I didn’t want to be anyplace with windows today, and drove into town to see a movie, which turned out to be Rabbit Hole. If John Sayles isn’t available to film the story of my life, then you might see if John Cameron Mitchell is available. Or Eileen Myles. Rabbit Hole was terrific, told with restraint and compassion, and was utterly devastating. It was perfect. I wiped my eyes off with the hem of my skirt, left the theater, pulled the hood over my head and listened to the pings against the plastic. It’s always a surprise to leave a theater in the daytime. It should be dark, but it wasn’t. I was surprised to see the street, cars skating along the silver pavement like there hadn’t just been a movie, people on their way to someplace else. I walked back and forth, acclimating to the new world around me. A friend of mine was walking up the sidewalk. “I just saw the saddest film in the world,” she said. “I know,” I said. “I was there too.” We looked at each other, and then, embarrassed, looked away. There were tribal drums in the distance.

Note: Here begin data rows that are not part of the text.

(* $\Theta_t \cong \Gamma_t$ (as graphs).
   Context: $\mathcal{M}_{2n}$ is the set of perfect matchings of $K_{2n}$ and $\mathcal{M}_{2n-1}$ the set of near-perfect matchings of $K_{2n-1}$ (matchings with $n-1$ edges). $\Gamma_t$ is the graph on $\mathcal{M}_{2n}$ in which $m,m'$ are adjacent iff $|m\cap m'|<t$. For $m,m'\in\mathcal{M}_{2n-1}$, the multigraph union $m\cup m'$ is a disjoint union of even cycles (a common edge counting as a cycle of length $2$) and exactly one path with an even number of edges (possibly a single vertex, when $m,m'$ leave the same vertex unmatched); $d'(m,m')\vdash 2n-1$ is the partition whose parts are the numbers of vertices of these components (so each cycle of length $2k$ gives a part $2k$ and the path with $\ell$ edges gives the unique odd part $\ell+1$). $\Theta_t$ is the graph on $\mathcal{M}_{2n-1}$ in which $m,m'$ are adjacent iff $d'(m,m')$ has fewer than $t$ parts of size at most $2$. *)

From mathcomp Require Import all_boot.
Set Implicit Arguments. Unset Strict Implicit. Unset Printing Implicit Defensive.

Definition is_matching (k : nat) (m : {set {set 'I_k}}) : bool :=
  [forall e in m, #|e| == 2] &&
  [forall e in m, forall e' in m, (e != e') ==> [disjoint e & e']].

Definition PM (n : nat) : finType :=
  {m : {set {set 'I_(2 * n)}} | is_matching m && (#|m| == n)}.

Definition NPM (n : nat) : finType :=
  {m : {set {set 'I_(2 * n - 1)}} | is_matching m && (#|m| == n - 1)}.

Definition union_rel (k : nat) (m m' : {set {set 'I_k}}) : rel 'I_k :=
  fun x y => [set x; y] \in m :|: m'.

Definition components (k : nat) (r : rel 'I_k) : {set {set 'I_k}} :=
  [set [set y | connect r x y] | x : 'I_k].

Definition dprime (n : nat) (m m' : NPM n) : seq nat :=
  sort geq [seq #|C : {set 'I_(2 * n - 1)}| | C <- enum (components (union_rel (val m) (val m')))].

Definition Gamma (n t : nat) : rel (PM n) :=
  fun m m' => #|val m :&: val m'| < t.

Definition Theta (n t : nat) : rel (NPM n) :=
  fun m m' => count (fun p => p <= 2) (dprime m m') < t.

Arguments Gamma n t : clear implicits.
Arguments Theta n t : clear implicits.

Definition graph_iso (V W : finType) (a : rel V) (b : rel W) : Prop :=
  exists f : V -> W, bijective f /\ forall x y, a x y = b (f x) (f y).

From mathcomp Require Import all_boot zify.
Set Implicit Arguments. Unset Strict Implicit. Unset Printing Implicit Defensive.

(* Complete a near-perfect matching m of K_{2n-1} to the perfect matching of
   K_{2n} that joins its uncovered vertex to the new vertex 2n-1; this is a
   bijection.  The components of m ∪ m' with at most two vertices are the
   common edges of m and m', together with the common uncovered vertex when
   there is one (a component of size 2 that is not a common edge would leave
   two vertices uncovered).  These correspond exactly to the common edges of
   the completed perfect matchings, so the bijection carries Theta_t onto
   Gamma_t. *)

Lemma count_enum_set (T : finType) (A : {set T}) (p : pred T) :
  count p (enum A) = #|[set x in A | p x]|.
Proof.
have -> : [set x in A | p x] = A :&: [set x | p x] by apply/setP => x; rewrite !inE.
by rewrite cardE (perm_size (enum_setI _ _)) size_filter; apply: eq_count => x; rewrite inE.
Qed.

Section Matchings.

Variable k : nat.
Implicit Types (m : {set {set 'I_k}}) (e : {set 'I_k}) (r : rel 'I_k).

Lemma is_matchingP m :
  reflect ((forall e, e \in m -> #|e| = 2) /\
           {in m &, forall e e', e != e' -> [disjoint e & e']})
          (is_matching m).
Proof.
apply: (iffP andP) => [[/forall_inP card2 /forall_inP disj] | [card2 disj]].
  by split=> [e /card2 /eqP | e e' /disj /forall_inP d /d /implyP].
split; first by apply/forall_inP => e /card2 ->.
by apply/forall_inP => e he; apply/forall_inP => e' he'; apply/implyP; apply: disj.
Qed.

Lemma matching_card2 m e : is_matching m -> e \in m -> #|e| = 2.
Proof. by case/is_matchingP => card2 _ /card2. Qed.

Lemma matching_disjoint m e e' :
  is_matching m -> e \in m -> e' \in m -> e != e' -> [disjoint e & e'].
Proof. by case/is_matchingP => _; apply. Qed.

Lemma matching_edge_eq m e e' x :
  is_matching m -> e \in m -> e' \in m -> x \in e -> x \in e' -> e = e'.
Proof.
move=> mm em e'm xe xe'; apply/eqP; apply: contraTT isT => ee'.
by move/disjoint_setI0/setP/(_ x): (matching_disjoint mm em e'm ee'); rewrite !inE xe xe'.
Qed.

Lemma card_cover_matching m : is_matching m -> #|cover m| = 2 * #|m|.
Proof.
move=> mm; have /eqP <- : trivIset m.
  by apply/trivIsetP => e e' em e'm; apply: (matching_disjoint mm).
by rewrite (eq_bigr (fun=> 2)) => [|e /(matching_card2 mm)//]; rewrite sum_nat_const mulnC.
Qed.

Lemma card2_set2 e x : #|e| = 2 -> x \in e -> exists2 y, y != x & e = [set x; y].
Proof.
move=> /eqP/cards2P [a [b [ab ->]]]; rewrite !inE => /orP [] /eqP ->.
  by exists b; rewrite // eq_sym.
by exists a; rewrite // setUC.
Qed.

Definition uncovered m := ~: cover m.

Definition completion m := m :|: [set [set x] | x in uncovered m].

Definition component r x := [set y | connect r x y].

Lemma component_isolated r x : (forall y, ~~ r x y) -> component r x = [set x].
Proof.
move=> isolated; apply/setP => y; rewrite !inE; apply/idP/eqP => [|<-]; last exact: connect0.
by case/connectP => [[|z p] /=]; [move=> _ -> | rewrite (negbTE (isolated z))].
Qed.

Lemma union_relC m m' : union_rel m m' = union_rel m' m.
Proof. by rewrite /union_rel setUC. Qed.

Lemma union_rel_sym m m' : symmetric (union_rel m m').
Proof. by move=> x y; rewrite /union_rel setUC. Qed.

Lemma union_rel_uncovered m m' x :
  x \in uncovered m -> x \in uncovered m' -> forall y, ~~ union_rel m m' x y.
Proof.
rewrite !inE => xm xm' y; rewrite /union_rel inE.
apply/norP; split; [apply: contra xm | apply: contra xm'] => ?.
  by apply/bigcupP; exists [set x; y]; rewrite ?setU11.
by apply/bigcupP; exists [set x; y]; rewrite ?setU11.
Qed.

Lemma common_edge_component m m' e x :
  is_matching m -> is_matching m' -> e \in m -> e \in m' -> x \in e ->
  component (union_rel m m') x = e.
Proof.
move=> mm mm' em em' xe.
have [y _ exy] := card2_set2 (matching_card2 mm em) xe.
have e_closed : closed (union_rel m m') (mem e).
  apply: intro_closed; first exact/sym_connect_sym/union_rel_sym.
  move=> a b; rewrite /union_rel inE => /orP [] abm ae.
    by rewrite -(matching_edge_eq mm abm em (setU11 a _) ae) setU1r ?set11.
  by rewrite -(matching_edge_eq mm' abm em' (setU11 a _) ae) setU1r ?set11.
apply/setP => z; rewrite inE; apply/idP/idP => [/(closed_connect e_closed) <- //|].
rewrite exy => /set2P [] ->; first exact: connect0.
by apply: connect1; rewrite /union_rel inE -exy em.
Qed.

Lemma small_component_common_edge m m' e x :
  is_matching m -> is_matching m' -> #|uncovered m'| <= 1 ->
  e \in m -> x \in e -> #|component (union_rel m m') x| <= 2 -> e \in m'.
Proof.
move=> mm mm' unc1 em xe small.
set r := union_rel m m'.
have [y yx exy] := card2_set2 (matching_card2 mm em) xe.
have comp_e : component r x = e.
  apply/esym/eqP; rewrite eqEcard (matching_card2 mm em) small andbT exy.
  apply/subsetP => z /set2P [] ->; rewrite inE ?connect0 //.
  by apply: connect1; rewrite /r /union_rel inE -exy em.
apply: contraT => e'm'.
(* Otherwise both ends of [e] would be left uncovered by [m']. *)
have e_uncovered : e \subset uncovered m'.
  apply/subsetP => v ve; rewrite inE; apply/bigcupP => [[f fm' vf]].
  have [z _ fvz] := card2_set2 (matching_card2 mm' fm') vf.
  have : z \in component r x.
    have rvz : r v z by rewrite /r /union_rel inE -fvz fm' orbT.
    by move: ve; rewrite -comp_e !inE => /connect_trans; apply; apply: connect1.
  rewrite comp_e => ze; move: e'm'; suff -> : e = f by rewrite fm'.
  apply/esym/eqP; rewrite eqEcard (matching_card2 mm em) (matching_card2 mm' fm') leqnn andbT.
  by rewrite fvz subUset !sub1set ve ze.
by move: (subset_leq_card e_uncovered); rewrite (matching_card2 mm em) => /leq_trans/(_ unc1).
Qed.

Lemma completion_disjoint m d d' :
  is_matching m -> d \in completion m -> d' \in completion m -> d != d' -> [disjoint d & d'].
Proof.
move=> mm /setUP [dm | /imsetP [x xu ->]] /setUP [d'm | /imsetP [y yu ->]] dd'.
- exact: matching_disjoint mm dm d'm dd'.
- rewrite disjoint_sym disjoints1; apply: contraTN yu => yd.
  by rewrite inE negbK; apply/bigcupP; exists d.
- rewrite disjoints1; apply: contraTN xu => xd'.
  by rewrite inE negbK; apply/bigcupP; exists d'.
- by rewrite disjoints1 inE; apply: contraNN dd' => /eqP ->.
Qed.

Lemma small_components_union m m' :
  is_matching m -> is_matching m' -> #|uncovered m| <= 1 -> #|uncovered m'| <= 1 ->
  [set C in components (union_rel m m') | #|C| <= 2] = completion m :&: completion m'.
Proof.
move=> mm mm' unc1 unc1'.
apply/setP => C; rewrite !inE; apply/andP/andP => [[/imsetP [x _ ->] small] | []].
  rewrite -/(component _ x) in small *.
  have [/bigcupP [e em xe] | xm] := boolP (x \in cover m).
    have em' := small_component_common_edge mm mm' unc1' em xe small.
    by rewrite (common_edge_component mm mm' em em' xe) em em'.
  have [/bigcupP [e em' xe] | xm'] := boolP (x \in cover m').
    rewrite union_relC in small *.
    have em := small_component_common_edge mm' mm unc1 em' xe small.
    by rewrite (common_edge_component mm' mm em' em xe) em em'.
  have [xu xu'] : x \in uncovered m /\ x \in uncovered m' by rewrite !inE xm xm'.
  rewrite component_isolated; last exact: union_rel_uncovered xu xu'.
  by split; apply/orP; right; apply: imset_f.
case/orP => [Cm | /imsetP [x xu ->]]; case/orP => [Cm' | /imsetP [x' xu' eqx]].
- have [x xC] : exists x, x \in C by apply/card_gt0P; rewrite (matching_card2 mm Cm).
  split; last by rewrite (matching_card2 mm Cm).
  by rewrite -(common_edge_component mm mm' Cm Cm' xC) imset_f.
- by move: (matching_card2 mm Cm); rewrite eqx cards1.
- by move: (matching_card2 mm' Cm'); rewrite cards1.
- move/set1_inj: eqx => eqx; rewrite -eqx in xu'; split; last by rewrite cards1.
  by rewrite -(component_isolated (union_rel_uncovered xu xu')) imset_f.
Qed.

Lemma count_small_parts m m' :
  is_matching m -> is_matching m' -> #|uncovered m| <= 1 -> #|uncovered m'| <= 1 ->
  count (fun p => p <= 2)
    (sort geq [seq #|C : {set 'I_k}| | C <- enum (components (union_rel m m'))])
  = #|completion m :&: completion m'|.
Proof.
move=> mm mm' unc1 unc1'.
rewrite -(small_components_union mm mm' unc1 unc1') -count_enum_set.
by rewrite (permP (permEl (perm_sort _ _))) count_map.
Qed.

End Matchings.

Section Extension.

Variable k : nat.
Implicit Types (m : {set {set 'I_k}}) (e : {set 'I_k}).
Implicit Types (M : {set {set 'I_k.+1}}) (E : {set 'I_k.+1}).

Definition extend_edge e : {set 'I_k.+1} :=
  if #|e| == 1 then ord_max |: (lift ord_max @: e) else lift ord_max @: e.

Definition restrict_edge E : {set 'I_k} := lift ord_max @^-1: E.

Definition extend m := [set extend_edge e | e in completion m].

Definition restrict M := restrict_edge @: [set E in M | ord_max \notin E].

“I think that might be the Mardi Gras parade,” I said. We walked that direction. My friend was meeting up with someone else, and didn’t invite me along. She turned in the other direction. I followed the drums towards the center of town, where nearly-naked painted people mixed it up with others wearing animal pelts and glittering beads. Children in big hats and animal cloaks held the gloved fingers of their parents. No one looked older than thirty, except a friend of mine who I saw midway through the melee. He plays the horn, but I didn’t see it there. He was pacing alongside the crowd, scowling, his padded paws and fur worn like an old lion’s. His wife was at the center of the party, her long hair bound in beads. Then the parade started. Someone I recognized from grad school danced in the front of the parade, beads bouncing. Enormous drag queens strode in splendor, disdainfully throwing beads and candy at the dancing crowd who followed the parade through the streets with their phones taking pictures. A cow tail hit my shoulder and fell to the street, so I bent down to get it, and was hit by another. I was being a part of the moment, unwrapping the stale caramel, frozen crème center, chewing it like a stogie. By this time, my pockets were full of paper invites to after-parties, flyers about the roller derby the next weekend. “St Patrick’s Slay”. It had stopped raining, and now the wind was blowing hard and sideways.

Advertisements

About Carolyn Ogburn

Writer, hiker, activist and gadfly. #Binder Writes @NumeroCinq555 / Blogs @pshares MFA @VCFA
This entry was posted in Uncategorized. Bookmark the permalink.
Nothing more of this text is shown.